This makes me mildly optimistic of using feedback even for relatively powerful optimization.

Comment by tom4everitt on Investigating causal understanding in LLMs · 2022-06-14T15:45:43.385Z · LW · GW

Really interesting, even though the result aren't that surprising. I'd be curious to see how the results improve (or not) with more recent language models. I also wonder if there are other formats to test causal understanding. For example, what if receives a more natural story plot (about Red Riding Hood, say), and asked about some causal questions ("what would have happened if grannma wasn't home when the wolf got there?", say).

It's less clean, but it could be interesting to probe it in a few different ways.

Comment by tom4everitt on Various Alignment Strategies (and how likely they are to work) · 2022-05-24T09:25:24.126Z · LW · GW

Nice post! The Game Theory / Bureaucracy is interesting. It reminds me of Drexler's CAIS proposal, where services are combined into an intelligent whole. But I (and Drexler, I believe) agree that much more work could be spent on figuring out how to actually design/combine these systems.

Comment by tom4everitt on Causality, Transformative AI and alignment - part I · 2022-01-31T16:04:29.851Z · LW · GW

Nice summary, thanks for sharing!

Comment by tom4everitt on Causality, Transformative AI and alignment - part I · 2022-01-28T14:20:59.652Z · LW · GW

Thanks Marius and David, really interesting post, and super glad to see interest in causality picking up!

I very much share your "hunch that causality might play a role in transformative AI and feel like it is currently underrepresented in the AI safety landscape."

Most relevant, I've been working with Mary Phuong on a project which seems quite related to what you are describing here. I don't want to share too many details publicly without checking with Mary first, but if you're interested perhaps we could set up a call sometime?

I also think causality is relevant to AGI safety in several additional ways to those you mention here. In particular, we've been exploring how to use causality to describe agent incentives for things like corrigibility and tampering (summarized in this post), formalizing ethical concepts like intent, and understanding agency.

So really curious to see where your work is going and potentially interested in collaborating!

Comment by tom4everitt on Causality, Transformative AI and alignment - part I · 2022-01-28T13:59:28.020Z · LW · GW

There are numerous techniques for this, based on e.g. symmetries, conserved properties, covariances, etc.. These techniques can generally be given causal justification.

 

I'd be curious to hear more about this, if you have some pointers

Comment by tom4everitt on Progress on Causal Influence Diagrams · 2021-07-01T13:19:02.392Z · LW · GW

Thanks Ilya for those links, in particular the second one looks quite relevant to something we’ve been working on in a rather different context (that's the benefit of speaking the same language!)
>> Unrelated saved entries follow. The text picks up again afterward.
(* Let $(V,e)$ be a unital $\ast$-normed space. For $\varepsilon>0$ put $S_{\varepsilon}=V_{he}^{\ast}\cap\varepsilon\operatorname{ball}V^{\ast}$. Then for every $\varepsilon>1/\|e\|$ the unit ball of $V$ is equivalent to the absolute polar $S_{\varepsilon}^{\circ}$, i.e. there are reals $r,R>0$ with $rS_{\varepsilon}^{\circ}\subseteq\operatorname{ball}V\subseteq RS_{\varepsilon}^{\circ}$.
   Context: A $\ast$-normed space is a complex vector space $V$ with an involution $v\mapsto v^{\ast}$ and a norm with $\|v^{\ast}\|=\|v\|$ for all $v$. $V_h=\{v:v^{\ast}=v\}$. The dual $V^{\ast}$ carries the involution $\langle v,\varphi^{\ast}\rangle=\overline{\langle v^{\ast},\varphi\rangle}$; $V_h^{\ast}$ is the real space of bounded hermitian functionals ($\varphi^{\ast}=\varphi$). For a nonzero $e\in V_h$ put $V_{he}^{\ast}=\{y\in V_h^{\ast}:\langle e,y\rangle=1\}$ and $S=V_{he}^{\ast}\cap\operatorname{ball}V^{\ast}$. The element $e$ is a unit if $S\neq\varnothing$; then $(V,e)$ is called a unital $\ast$-normed space. For $A\subseteq V^{\ast}$, the absolute polar is $A^{\circ}=\{v\in V:|\langle v,a\rangle|\le 1\ \forall a\in A\}$. *)

From HB Require Import structures.
From mathcomp Require Import all_boot all_order all_algebra.
From mathcomp Require Import all_classical all_reals all_analysis.
From mathcomp Require Import complex.
Set Implicit Arguments. Unset Strict Implicit. Unset Printing Implicit Defensive.
Import Order.TTheory GRing.Theory Num.Theory.
Import numFieldNormedType.Exports.
Local Open Scope classical_set_scope.
Local Open Scope ring_scope.
Local Open Scope complex_scope.
(* Let $A$ and $B$ be C$^*$-algebras, where $A$ is unital with unit $1$. Suppose $T:A\to B$ is a linear map such that for all $a,b\in A$, $ab^*=1$ implies $T(a)T(b)^*=T(1)$. Then $T$ is continuous and $T(1)T(a)=T(a)$ for every $a\in A$. Furthermore, if $T$ is a $^*$-homomorphism at the unit of $A$, then $T$ is continuous and $T(a)T(1)=T(1)T(a)=T(a)$ for every $a\in A$.
   Context: A map $T:A\to B$ between C$^*$-algebras is a $^*$-homomorphism at $z\in A$ if for all $a,b\in A$ with $ab^*=z$ one has $T(ab^* )=T(a)T(b)^*=T(z)$, and for all $c,d\in A$ with $c^*d=z$ one has $T(c^*d)=T(c)^*T(d)=T(z)$. *)

From HB Require Import structures.
From mathcomp Require Import all_boot all_order all_algebra.
From mathcomp Require Import all_classical all_reals all_analysis.
From mathcomp Require Import complex.
Set Implicit Arguments. Unset Strict Implicit. Unset Printing Implicit Defensive.
Import Order.TTheory GRing.Theory Num.Theory.
Import numFieldNormedType.Exports.
Local Open Scope ring_scope.
Local Open Scope complex_scope.

(* No unit is assumed. *)
Definition is_cstar_algebra (R : realType) (V : completeNormedModType R[i])
    (mul : V -> V -> V) (star : V -> V) : Prop :=
  [/\ (forall x y z, mul x (mul y z) = mul (mul x y) z),
      (forall x y z, mul (x + y) z = mul x z + mul y z),
      (forall x y z, mul x (y + z) = mul x y + mul x z),
      (forall (c : R[i]) x y, mul (c *: x) y = c *: mul x y) &
      (forall (c : R[i]) x y, mul x (c *: y) = c *: mul x y)] /\
  (forall x y, `|mul x y| <= `|x| * `|y|) /\
      [/\ (forall x y, star (x + y) = star x + star y),
          (forall (c : R[i]) x, star (c *: x) = (c^*)%C *: star x),
          (forall x, star (star x) = x),
          (forall x y, star (mul x y) = mul (star y) (star x)) &
          (forall x, `|mul (star x) x| = `|x| ^+ 2)].

Definition star_hom_at (A B : Type) (mulA : A -> A -> A) (starA : A -> A)
    (mulB : B -> B -> B) (starB : B -> B) (T : A -> B) (z : A) : Prop :=
  (forall a b, mulA a (starA b) = z ->
     T (mulA a (starA b)) = mulB (T a) (starB (T b)) /\
     mulB (T a) (starB (T b)) = T z) /\
  (forall c d, mulA (starA c) d = z ->
     T (mulA (starA c) d) = mulB (starB (T c)) (T d) /\
     mulB (starB (T c)) (T d) = T z).

From HB Require Import structures.
From mathcomp Require Import all_boot all_order all_algebra.
From mathcomp Require Import all_classical all_reals all_analysis.
From mathcomp Require Import complex.
From mathcomp Require Import ring lra.
Import Order.TTheory GRing.Theory Num.Theory.
Import numFieldNormedType.Exports.
Local Open Scope ring_scope.

(* Every element of norm at most 1/2 is a combination of four unitaries: it is
   h1 + i h2 with h1, h2 self-adjoint of norm at most 1/2, and such an h is the
   real part of the unitary u = h + i s, where s = 1 - l and l = (h^2 + l^2) / 2
   is the limit of a contracting iteration, so that s is self-adjoint, commutes
   with h and s^2 = 1 - h^2.
   If ab^* = 1 implies T(a) T(b)^* = T(1) =: p, then a = b = 1 shows that p is a
   projection, and for every unitary u we get |T u|^2 = |p| and
   (T u - p T u)(T u - p T u)^* = 0.  So T is bounded on the unitaries, hence
   continuous, and p T(u) = T(u) extends from the unitaries to A by linearity.
   The *-homomorphism hypothesis also gives T(u)^* T(u) = p, whence T(u) p = T(u). *)

Set Implicit Arguments.
Unset Strict Implicit.
Unset Printing Implicit Defensive.

Section ComplexScalars.
Local Open Scope complex_scope.
Context {R : realType}.

Lemma conjc_i : 'i^* = - 'i :> R[i].
Proof. by apply/eqP; rewrite eq_complex /= oppr0 !eqxx. Qed.

Definition half : R[i] := (2^-1 : R)%:C.

Lemma conjc_half : half^* = half.
Proof. exact: conjc_real. Qed.

Lemma half_half : half + half = 1.
Proof. by rewrite /half -rmorphD /= [X in X%:C](_ : _ = 1) //; field. Qed.

End ComplexScalars.

Section RealNorm.
Local Open Scope complex_scope.
Context {R : realType} {V : normedModType R[i]}.

(* Norms over [R[i]] are real elements of [R[i]]; their real part is a real
   valued norm, for which [lra] and [nra] are available. *)
Definition rnorm (x : V) : R := complex.Re `|x|.

Lemma rnormE x : `|x| = (rnorm x)%:C.
Proof. by rewrite /rnorm RRe_real. Qed.

Lemma rnorm_ge0 x : 0 <= rnorm x.
Proof. by rewrite -ler0c -rnormE. Qed.

Lemma rnorm0 : rnorm 0 = 0.
Proof. by rewrite /rnorm normr0. Qed.

Lemma rnorm_eq0 x : rnorm x = 0 -> x = 0.
Proof. by move=> x0; apply/eqP; rewrite -normr_eq0 rnormE x0. Qed.

Lemma rnormN x : rnorm (- x) = rnorm x.
Proof. by rewrite /rnorm normrN. Qed.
We would also be curious to see a draft of the MDP-generalization once you have something ready to share!

Comment by tom4everitt on AMA: Paul Christiano, alignment researcher · 2021-05-17T08:55:12.490Z · LW · GW

 

  • I think the existing approach and easy improvements don't seem like they can capture many important incentives such that you don't want to use it as an actual assurance (e.g. suppose that agent A is predicting the world and agent B is optimizing A's predictions about B's actions---then we want to say that the system has an incentive to manipulate the world but it doesn't seem like that is easy to incorporate into this kind of formalism).

 

This is what multi-agent incentives are for (i.e. incentive analysis in multi-agent CIDs).  We're still working on these as there are a range of subtleties, but I'm pretty confident we'll have a good account of it.
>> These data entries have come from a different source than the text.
(* If $\sigma(x)/x\in\mathbb{Z}[\zeta_p]$, then $I=x\mathcal{O}_\mathbb{K}$, i.e. $I$ is the principal ideal of $\mathcal{O}_\mathbb{K}$ generated by $x$.
   Context: Let $n>1$ be an odd integer and $p$ a prime with $p\equiv 1 \pmod n$. Let $\zeta_p=e^{2\pi i/p}$, let $r$ be a primitive root modulo $p$, and let $\sigma$ be the automorphism of $\mathbb{Q}(\zeta_p)$ with $\sigma(\zeta_p)=\zeta_p^r$. Let $\mathbb{K}=\{y\in\mathbb{Q}(\zeta_p):\sigma^n(y)=y\}$. Let $\alpha=\prod_{j=0}^{(p-3)/2}(1-\zeta_p^{r^j})$, let $\lambda$ be an integer with $\lambda(r-1)\equiv1\pmod p$, $z=\zeta_p^{\lambda}\alpha(1-\zeta_p)$, and $x=\mathrm{Tr}_{\mathbb{Q}(\zeta_p)/\mathbb{K}}(z)=\sum_{j=1}^{(p-1)/n}\sigma^{jn}(z)$. Let $I$ be the $\mathbb{Z}$-module generated by $x,\sigma(x),\dots,\sigma^{n-1}(x)$ (it is an ideal of $\mathcal{O}_\mathbb{K}$). *)

From HB Require Import structures.
From mathcomp Require Import all_boot all_order all_algebra all_field.
Set Implicit Arguments. Unset Strict Implicit. Unset Printing Implicit Defensive.
Import Order.TTheory GRing.Theory Num.Theory.
Local Open Scope ring_scope.

(* zeta_p = e^{2 pi i/p}: p.-root (-1) is the root of -1 of minimal
   argument, i.e. e^{i pi/p}; its square is e^{2 pi i/p}. *)
Definition zeta (p : nat) : algC := (p.-root (-1)) ^+ 2.

Definition Qzeta (p : nat) (y : algC) : Prop :=
  exists q : {poly rat}, y = (map_poly ratr q).[zeta p].

Definition Zzeta (p : nat) (y : algC) : Prop :=
  exists q : {poly int}, y = (map_poly intr q).[zeta p].

Definition Kfix (p n : nat) (s : algC -> algC) (y : algC) : Prop :=
  Qzeta p y /\ iter n s y = y.

Definition OK (p n : nat) (s : algC -> algC) (y : algC) : Prop :=
  Kfix p n s y /\ y \in Aint.

Definition alpha (p r : nat) : algC :=
  \prod_(j < (p.-1)./2) (1 - zeta p ^+ (r ^ j)).

Definition zz (p r : nat) (lam : int) : algC :=
  zeta p ^ lam * alpha p r * (1 - zeta p).
(* Let $\alpha,\beta\in[0,r]\cap A$ with $\alpha<\beta$, $I=(\alpha,\beta)$, and $x\in\mathbf F_I$ with $\mathrm{fix}(x)\cap I\cap A=\varnothing$. Then the centralizer of $x$ in $\mathbf F_I$ is cyclic.
   Context: Maps act on the right. Fix real $r>0$, a subgroup $\Lambda\neq\{1\}$ of $\mathbb R^*_+$, and an additive subgroup $A\subseteq\mathbb R$ with $r\in A$ and $\lambda A\subseteq A$ for $\lambda\in\Lambda$. $\mathbf F=\mathbf F(r,\Lambda,A)$ is the group of homeomorphisms $x\colon[0,r)\to[0,r)$ that are piecewise affine with finitely many breakpoints, all slopes in $\Lambda$, and all breakpoints and their images in $A$. For a permutation $x$, $\mathrm{fix}(x)$ is its fixed point set and $\mathrm{supp}(x)$ its complement. For $S\subseteq[0,r)$, $\mathbf F_S=\{x\in\mathbf F\mid\mathrm{supp}(x)\subseteq S\}$. *)

From Stdlib Require Import Reals Lra List ZArith.
Open Scope R_scope.

Definition inDom (r t : R) : Prop := 0 <= t < r.

Definition cont_on_dom (r : R) (f : R -> R) : Prop :=
  forall t, inDom r t -> limit1_in f (inDom r) (f t) t.

Definition homeo_dom (r : R) (f : R -> R) : Prop :=
  (forall t, inDom r t -> inDom r (f t)) /\
  cont_on_dom r f /\
  exists g : R -> R,
    (forall t, inDom r t -> inDom r (g t)) /\
    cont_on_dom r g /\
    (forall t, inDom r t -> g (f t) = t) /\
    (forall t, inDom r t -> f (g t) = t).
Comment by tom4everitt on Counterfactual control incentives · 2021-03-25T16:44:58.140Z · LW · GW

Glad she likes the name :) True, I agree there may be some interesting subtleties lurking there. 
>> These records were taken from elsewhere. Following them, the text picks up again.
Lemma Nk0_narayana n r : (2 <= n)%N -> (r <= n)%N ->
  ((Nk 0 n r)%:R : rat) =
    2%:R / (n.-1)%:R * ('C(n.-1, r))%:R * ('C(n.-1, n - r))%:R.
Proof.
case: n => [|[|m]] // _ r_le /=.
have N0 : (m.+1 * Nk 0 m.+2 r = 2 * 'C(m.+1, r) * 'C(m.+1, m.+2 - r))%N.
  apply/eqP; rewrite -eqz_nat !PoszM Nk_pair_count pair_count1_diag.
  rewrite bin_sub_binz // -binz_nat.
  by rewrite -natz mulrCA lgv_narayana mulrA.
have := congr1 (fun k => k%:R : rat) N0; rewrite /= !natrM => N0r.
have m1_neq0 : m.+1%:R != 0 :> rat by rewrite pnatr_eq0.
by apply: (mulfI m1_neq0); rewrite N0r; field; rewrite addrC natr1.
Qed.

Lemma Nk1_double n r : (3 <= n)%N -> Nk 1 n r = (2 * Nk 0 n r)%N.
Proof. by case: n => [|[|[|m]]] // _; rewrite !Nk_pair_count pair_count2_diag. Qed.

Theorem mainTheorem5 (n r : nat) (hn : (3 <= n)%N) (hr : (r <= n)%N) :
  ((Nk 0 n r)%:R : rat) =
    2%:R / (n.-1)%:R * ('C(n.-1, r))%:R * ('C(n.-1, n - r))%:R
  /\ Nk 1 n r = (2 * Nk 0 n r)%N.
Proof. by split; [apply: Nk0_narayana; lia | exact: Nk1_double]. Qed.
(* Let $(\mathcal{A},e)$ be an order-unit space and $L$ any Lipschitz seminorm on $\mathcal{A}$, with metric $\rho_L$ on $S(\mathcal{A})$. For $a\in\mathcal{A}$ set $$L_{\rho_L}(a)=\sup\{|\mu(a)-\nu(a)|/\rho_L(\mu,\nu):\ \mu,\nu\in S(\mathcal{A}),\ \mu\ne\nu\}.$$ Then $\{a\in\mathcal{A}: L_{\rho_L}(a)\le 1\}$ coincides with the norm closure in $\mathcal{A}$ of $\mathcal{L}_1=\{a\in\mathcal{A}: L(a)\le1\}$. In particular, $L_{\rho_L}$ is the largest lower semicontinuous seminorm on $\mathcal{A}$ which is $\le L$, and $\rho_{L_{\rho_L}}=\rho_L$.
   Context: An order-unit space is a real partially ordered vector space $\mathcal{A}$ with a distinguished element $e$ such that (i) for each $a$ there is $r\in\mathbb{R}$ with $a\le re$, and (ii) if $a\le re$ for all $r>0$ then $a\le0$; norm $\|a\|=\inf\{r\ge0:-re\le a\le re\}$ (not necessarily complete). A state is a continuous linear functional $\mu$ with $\mu(e)=1=\|\mu\|$; $S(\mathcal{A})$ is the set of states. A Lipschitz seminorm is a finite-valued seminorm $L$ on $\mathcal{A}$ with $L(a)=0$ iff $a\in\mathbb{R}e$. For a seminorm $M$ on $\mathcal{A}$ (possibly $+\infty$-valued) set $\rho_M(\mu,\nu)=\sup\{|\mu(a)-\nu(a)|: M(a)\le1\}\in[0,\infty]$. A seminorm is lower semicontinuous if $\{a: M(a)\le1\}$ is norm-closed. In the supremum defining $L_{\rho_L}$, quotients with denominator $+\infty$ are taken to be $0$. *)

From HB Require Import structures.
From mathcomp Require Import all_boot all_order all_algebra.
From mathcomp Require Import all_classical all_reals all_analysis.
Set Implicit Arguments. Unset Strict Implicit. Unset Printing Implicit Defensive.
Import Order.TTheory GRing.Theory Num.Theory.
Local Open Scope classical_set_scope.
Local Open Scope ring_scope.

Section OUS.
Variables (R : realType) (V : lmodType R).

Definition order_unit_space (le : V -> V -> Prop) (e : V) : Prop :=
  (forall a, le a a) /\
  (forall a b, le a b -> le b a -> a = b) /\
  (forall a b c, le a b -> le b c -> le a c) /\
  (forall a b c, le a b -> le (a + c) (b + c)) /\
  (forall a b (r : R), 0 <= r -> le a b -> le (r *: a) (r *: b)) /\
  (forall a, exists r : R, le a (r *: e)) /\
  (forall a, (forall r : R, 0 < r -> le a (r *: e)) -> le a 0).

Definition ou_norm (le : V -> V -> Prop) (e : V) (a : V) : R :=
  inf [set r : R | 0 <= r /\ le (- (r *: e)) a /\ le a (r *: e)].

(* states: continuous (= bounded for the order-unit norm) linear functionals
   mu with mu e = 1 = ||mu|| (operator norm). *)
Definition is_state (le : V -> V -> Prop) (e : V) (mu : V -> R) : Prop :=
  [/\ (forall (r : R) a b, mu (r *: a + b) = r * mu a + mu b),
      (exists C : R, forall a, `|mu a| <= C * ou_norm le e a),
      mu e = 1 &
      sup [set `|mu a| | a in [set a | ou_norm le e a <= 1]] = 1].

Definition states (le : V -> V -> Prop) (e : V) : set (V -> R) :=
  [set mu | is_state le e mu].

Definition lipschitz_seminorm (e : V) (L : V -> R) : Prop :=
  [/\ (forall a b, L (a + b) <= L a + L b),
      (forall (r : R) a, L (r *: a) = `|r| * L a) &
      (forall a, L a = 0 <-> exists r : R, a = r *: e)].

Definition ext_seminorm (M : V -> \bar R) : Prop :=
  [/\ (forall a, lee 0%E (M a)),
      (forall a b : V, lee (M (a + b)) (adde (M a) (M b))) &
      (forall (r : R) a, M (r *: a) = mule (`|r|%:E) (M a))].

Definition rho (M : V -> \bar R) (mu nu : V -> R) : \bar R :=
  ereal_sup [set (`|mu a - nu a|)%:E | a in [set a | lee (M a) 1%E]].

(* |x| / d with the convention |x| / +oo = 0 *)
Definition quot (x : R) (d : \bar R) : \bar R :=
  match d with
  | r%:E => (`|x| / r)%:E
  | _ => 0%E
  end.

(* L_rho(a) = sup { |mu a - nu a| / rho(mu,nu) : mu, nu states, mu <> nu }
   (supremum of the empty family taken to be 0). *)
Definition L_of_rho (le : V -> V -> Prop) (e : V) (rh : (V -> R) -> (V -> R) -> \bar R)
  (a : V) : \bar R :=
  ereal_sup (0%E |` [set q | exists mu nu : V -> R,
     [/\ states le e mu, states le e nu, mu <> nu &
          q = quot (mu a - nu a) (rh mu nu)]]).

Definition norm_closure (le : V -> V -> Prop) (e : V) (B : set V) : set V :=
  [set a | forall eps : R, 0 < eps -> exists2 b, B b & ou_norm le e (a - b) < eps].

Definition ou_lsc (le : V -> V -> Prop) (e : V) (M : V -> \bar R) : Prop :=
  norm_closure le e [set a | lee (M a) 1%E] `<=` [set a | lee (M a) 1%E].

End OUS.

(* The unit ball of [L_rho] consists of the elements that are 1-Lipschitz for
   [rho_L] on the state space; it contains the unit ball of [L] and is norm
   closed because states are norm continuous.  Conversely, if [a] lies at
   distance [eps > 0] from the unit ball of [L], a Hahn-Banach argument gives a
   linear functional [phi] with [|phi| <= L], bounded for the order-unit norm
   and with [phi a > 1]; a second Hahn-Banach argument writes [phi = psi - chi]
   with [psi] and [chi] positive, and [phi e = 0] forces [psi e = chi e = t > 0].
   The states [psi / t] and [chi / t] are at [rho_L]-distance at most [1 / t]
   but differ by more than [1 / t] at [a], so [L_rho a > 1].  Maximality and
   [rho_(L_rho) = rho_L] follow formally from this description of the ball. *)

From HB Require Import structures.
From mathcomp Require Import all_boot all_order all_algebra.
From mathcomp Require Import all_classical all_reals all_analysis.
From mathcomp Require Import lra.
Import Order.TTheory GRing.Theory Num.Theory.
Local Open Scope classical_set_scope.
Local Open Scope ring_scope.
Set Implicit Arguments. Unset Strict Implicit. Unset Printing Implicit Defensive.

Section ScalarFun.
Variables (R : comPzRingType) (V : lmodType R) (f : V -> R).
Hypothesis f_scalar : scalar f.

Lemma scalar_funB x y : f (x - y) = f x - f y.
Proof. exact: (@zmod_morphism_linear _ _ _ *%R f f_scalar). Qed.

Lemma scalar_funZ (a : R) x : f (a *: x) = a * f x.
Proof. exact: (@scalable_linear _ _ _ *%R f f_scalar). Qed.

Lemma scalar_fun0 : f 0 = 0.
Proof. by rewrite -(subrr 0) scalar_funB subrr. Qed.

Lemma scalar_funN x : f (- x) = - f x.
Proof. by rewrite -sub0r scalar_funB scalar_fun0 sub0r. Qed.

Lemma scalar_funD x y : f (x + y) = f x + f y.
Proof. by rewrite -[in LHS](opprK y) scalar_funB scalar_funN opprK. Qed.

End ScalarFun.

Section HahnBanach.
Variables (R : realType) (V : lmodType R) (U : V -> set R).

(* [U x m] stands for [p x <= m], [p] a sublinear functional; working with
   the relation avoids having to show that [inf (U x)] is finite. *)
Hypothesis U_total : forall x, exists m, U x m.
Hypothesis UD : forall x y m n, U x m -> U y n -> U (x + y) (m + n).
Hypothesis UZ : forall t x m, 0 < t -> U x m -> U (t *: x) (t * m).
Hypothesis U0_ge0 : forall m, U 0 m -> 0 <= m.

Definition dominated_graph (G : set (V * R)) :=
  [/\ (forall x r y s, G (x, r) -> G (y, s) -> G (x + y, r + s)),
      (forall t x r, G (x, r) -> G (t *: x, t * r)),
      (forall x r s, G (x, r) -> G (x, s) -> r = s) &
      (forall x r m, G (x, r) -> U x m -> r <= m)].

Lemma dominated_graph_bigcup (F : set (set (V * R))) :
  F `<=` dominated_graph -> total_on F subset ->
  dominated_graph (\bigcup_(G in F) G).
Proof.
move=> Fdom Ftot; split.
- move=> x r y s [A FA Axr] [B FB Bys].
  have [AB|BA] := Ftot _ _ FA FB.
  + by exists B => //; have [BD _ _ _] := Fdom _ FB; exact: BD (AB _ Axr) Bys.
  + by exists A => //; have [AD _ _ _] := Fdom _ FA; exact: AD Axr (BA _ Bys).
- move=> t x r [A FA Axr]; exists A => //.
  by have [_ AZ _ _] := Fdom _ FA; exact: AZ.
- move=> x r s [A FA Axr] [B FB Bxs].
  have [AB|BA] := Ftot _ _ FA FB.
  + by have [_ _ Bfun _] := Fdom _ FB; exact: Bfun (AB _ Axr) Bxs.
  + by have [_ _ Afun _] := Fdom _ FA; exact: Afun Axr (BA _ Bxs).
- move=> x r m [A FA Axr].
  by have [_ _ _ Adom] := Fdom _ FA; exact: Adom.
Qed.

Lemma dominated_graph00 : dominated_graph [set (0, 0)].
Proof.
split.
- by move=> x r y s [-> ->] [-> ->]; rewrite !addr0.
- by move=> t x r [-> ->]; rewrite scaler0 mulr0.
- by move=> x r s [_ ->] [_ ->].
- by move=> x r m [-> ->]; apply: U0_ge0.
Qed.

Section Extension.
Variables (G : set (V * R)) (x0 : V) (c : R).
Hypothesis G_dom : dominated_graph G.
Hypothesis c_ge : forall z s m, G (z, s) -> U (z - x0) m -> s - m <= c.
Hypothesis c_le : forall z s m, G (z, s) -> U (z + x0) m -> c <= m - s.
(Sorry btw for slow reply; I keep missing alignmentforum notifications.)

Comment by tom4everitt on Counterfactual control incentives · 2021-02-03T11:30:58.358Z · LW · GW

Thanks Stuart and Rebecca for a great critique of one of our favorite CID concepts! :)

We agree that lack of control incentive on X does not mean that X is safe from influence from the agent, as it may be that the agent influences X as a side effect of achieving its true objective. As you point out, this is especially true when X and a utility node probabilistically dependent. 

What control incentives do capture are the instrumental goals of the agent. Controlling X can be a subgoal for achieving utility if and only if the CID admits a control incentive on X. For this reason, we have decided to slightly update the terminology: in the latest version of our paper (accepted to AAAI, just released on arXiv) we prefer the term instrumental control incentive (ICI), to emphasize that the distinction to "control as a side effect.

Comment by tom4everitt on (A -> B) -> A in Causal DAGs · 2020-02-07T16:13:35.189Z · LW · GW

Glad you liked it.

Another thing you might find useful is Dennett's discussion of what an agent is (see first few chapters of Bacteria to Bach). Basically, he argues that an agent is something we ascribe beliefs and goals to. If he's right, then an agent should basically always have a utility function.

Your post focuses on the belief part, which is perhaps the more interesting aspect when thinking about strange loops and similar.

Comment by tom4everitt on (A -> B) -> A in Causal DAGs · 2020-01-24T17:26:04.286Z · LW · GW

There is a paper which I believe is trying to do something similar to what you are attempting here:

Networks of Influence Diagrams: A Formalism for Representing Agents’ Beliefs and Decision-Making Processes, Gal and Pfeffer, Journal of Artificial Intelligence Research 33 (2008) 109-147

Are you aware of it? How do you think their ideas relate to yours?

Comment by tom4everitt on Wireheading is in the eye of the beholder · 2020-01-21T17:10:32.828Z · LW · GW

Is this analogous to the stance-dependency of agents and intelligence?

Comment by tom4everitt on Defining AI wireheading · 2020-01-14T17:01:39.819Z · LW · GW

Thanks Stuart, nice post.

I've moved away from the wireheading terminology recently, and instead categorize the problem a little bit differently:

The top-level category is reward hacking / reward corruption, which means that the agent's observed reward differs from true reward/task performance.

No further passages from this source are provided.